Sebelum menjadi seorang Buddhis, saya merupakan seorang Kristen. Walaupun bukan seorang yang taat, gini-gini saya sudah beberapa kali menamatkan Alkitab. Ya, sebuah "kebanggaan" pada zamannya.
Namun, keputusan saya berpindah dari Kekristenan menuju kepada Buddhisme adalah sebuah perjalanan spiritual yang luar biasa. Banyak pergumulan dan juga tantangan untuk bisa mencapai ketenangan yang saya inginkan. Terlebih, ada banyak hal yang sudah tidak bisa dicocokkan antara prinsip hidup saya dengan doktrin Kekristenan.
Namun, berpindah agama bukan berarti saya menjadi membenci Yesus. Hanya terjadi perubahan sudut pandang saja. Sebenarnya tidak banyak, karena sejak dahulu pun saya memandang Yesus dengan pemikiran yang hampir 11-12 dengan pemikiran saya sekarang. Malah, bisa dibilang dalam beberapa poin, saya malah jadi semakin mencintai Yesus.
1. Saya Melihat Yesus Sebagai Tokoh Kemanusiaan
Terlepas dari eksistensinya itu benar ada atau tidak, saya melihat kisah-kisah Yesus sebagai sebuah kisah kemanusiaan. Narasi yang menyebutkan bahwa Yesus adalah Tuhan yang turun menjadi Manusia, sebenarnya sudah cukup untuk menggambarkan kemanusiaan Yesus. Narasi tersebut, terlepas dari dogma agama yang melatarbelakanginya, adalah sebuah narasi yang menyatakan bahwa dalam setiap manusia ada bibit-bibit ketuhanan.
Hal ini saya rasa dapat lebih bisa dimengerti kalau kita belajar soal Bodhicitta. Bahwa setiap orang, mungkin dan sangat mungkin untuk menjadi Buddha. Bibit ketuhanan selalu ada dalam diri setiap orang. Meskipun interpretasinya bisa jadi berbeda-beda.
2. Saya Melihat Yesus Sebagai Tokoh Kesetaraan
Coba lihat murid-murid Yesus. Lihatlah latar belakang mereka. Mulai dari seorang pemungut cukai yang dibenci oleh masyarakat, nelayan yang hidupnya tidak kaya-kaya amat, sampai seorang bendahara curang yang ujung-ujungnya menggantung dirinya karena rasa bersalah.

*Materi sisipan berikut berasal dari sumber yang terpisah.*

Lemma ec_walk_of_path x p :
  path (vc_adj E) x p -> path (ec_arc E) (x, ec_in) (ec_walk_of x p).
Proof.
elim: p x => [|y p IH] x /=; first by rewrite ec_arc_in_mid.
by case/andP => xy yp; rewrite ec_arc_in_out ec_arc_edge ?IH.
Qed.

Lemma ec_walk_of_last x p : last (x, ec_in) (ec_walk_of x p) = (last x p, ec_mid).
Proof. by elim: p x => [|y p IH] x //=. Qed.

Section BoundedLengths.
Variables (a : V -> R) (b : {set V} -> R) (len : W -> W -> R).
Hypothesis len_le : forall x y, ec_arc E x y -> len x y <= ec_lift a b x y.

Lemma d_wlen_ec_walk_of x p : path (vc_adj E) x p ->
  d_wlen len (x, ec_in) (ec_walk_of x p) <= vc_wlen a b x p.
Proof.
elim: p x => [|y p IH] x /=.
  by move=> _; rewrite addr0 -(ec_lift_inner a b x ec_in ec_mid) len_le ?ec_arc_in_mid.
case/andP => xy /IH; have := len_le (ec_arc_in_out x); have := len_le (ec_arc_edge xy).
by rewrite ec_lift_inner ec_lift_edge //; lra.
Qed.

Lemma ec_dist_le_vc_dist v w :
  (d_dist (ec_arc E) len (v, ec_mid) (w, ec_mid) <= vc_dist E a b v w)%E.
Proof.
rewrite /vc_dist; case: eqVneq => [->|vw]; first exact: d_dist_le0.
apply/ereal_infP => _ [[|y p] /andP[/= vp /eqP pw] <-]; first by rewrite pw eqxx in vw.
case/andP: vp => vy yp; set q := (v, ec_out) :: (y, ec_in) :: ec_walk_of y p.
apply: ge_ereal_inf; exists (d_wlen len (v, ec_mid) q)%:E.
  exists q; rewrite //= ec_arc_mid_out ec_arc_edge // ec_walk_of_path //=.
  by rewrite ec_walk_of_last pw eqxx.
rewrite lee_fin /=.
have := d_wlen_ec_walk_of yp; have := len_le (ec_arc_mid_out v).
have := len_le (ec_arc_edge vy); rewrite ec_lift_inner ec_lift_edge //; lra.
Qed.

End BoundedLengths.

Lemma vc_dist_ec_lift a b v w : (forall v, 0 <= a v) -> (forall e, e \in E -> 0 <= b e) ->
  vc_dist E a b v w = d_dist (ec_arc E) (ec_lift a b) (v, ec_mid) (w, ec_mid).
Proof.
move=> a_ge0 b_ge0; apply/eqP; rewrite eq_le vc_dist_le_ec_dist //.
exact: ec_dist_le_vc_dist.
Qed.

Dengan kata lain, Yesus tidak membeda-bedakan siapapun muridnya. Entah apapun latar belakangmu, apapun masa lalumu, selama kamu berjalan dengan nilai-nilai yang sama denganku, kamu adalah muridku. Kira-kira begitulah prinsip kesetaraan yang bisa saya tangkap dari Yesus. Hal ini juga sebenarnya terjadi pada agama lain. Nabi Muhammad dengan sahabat-sahabatnya, Buddha dengan murid-muridnya, dan yang lainnya.
3. Saya Melihat Yesus Sebagai Tokoh Reformator
Yesus itu adalah seorang reformator. Pemikirannya kritis, terbuka, dan selalu ingin mengevaluasi hal-hal yang menurutnya salah dalam tradisi bangsanya. Maka menjadi ironi, kalau banyak umat Kristen di zaman sekarang yang malah berpikiran tertutup dan kolot. Padahal Yesus sangat membenci kekolotan berpikir.
Seperti yang terjadi dengan pasar kurban di Bait Allah. Yesus bubarkan karena pemikiran kolot itu salah dan bengkok logikanya. Mana bisa pasar dan Rumah Ibadah disatukan. Kira-kira poin itulah yang Yesus coba sadarkan.
Akan tetapi, bukan cuma itu. Banyak hal-hal lain yang Yesus ubah, dan hal ini menjadi inspirasi bagi saya untuk semakin meneladani hal-hal baik dan menjadi peka terhadap hal-hal yang kolot di sekeliling saya.
Epilog
Sebenarnya masih banyak yang saya teladani soal Yesus. Bukan hanya Yesus, Nabi Muhammad SAW, Guru Nanak, dan banyak tokoh-tokoh agama lainnya yang juga saya teladani. Terlebih lagi jika teringat memori tentang beberapa pengajaran Yesus yang masih relevan dalam kehidupan modern ini.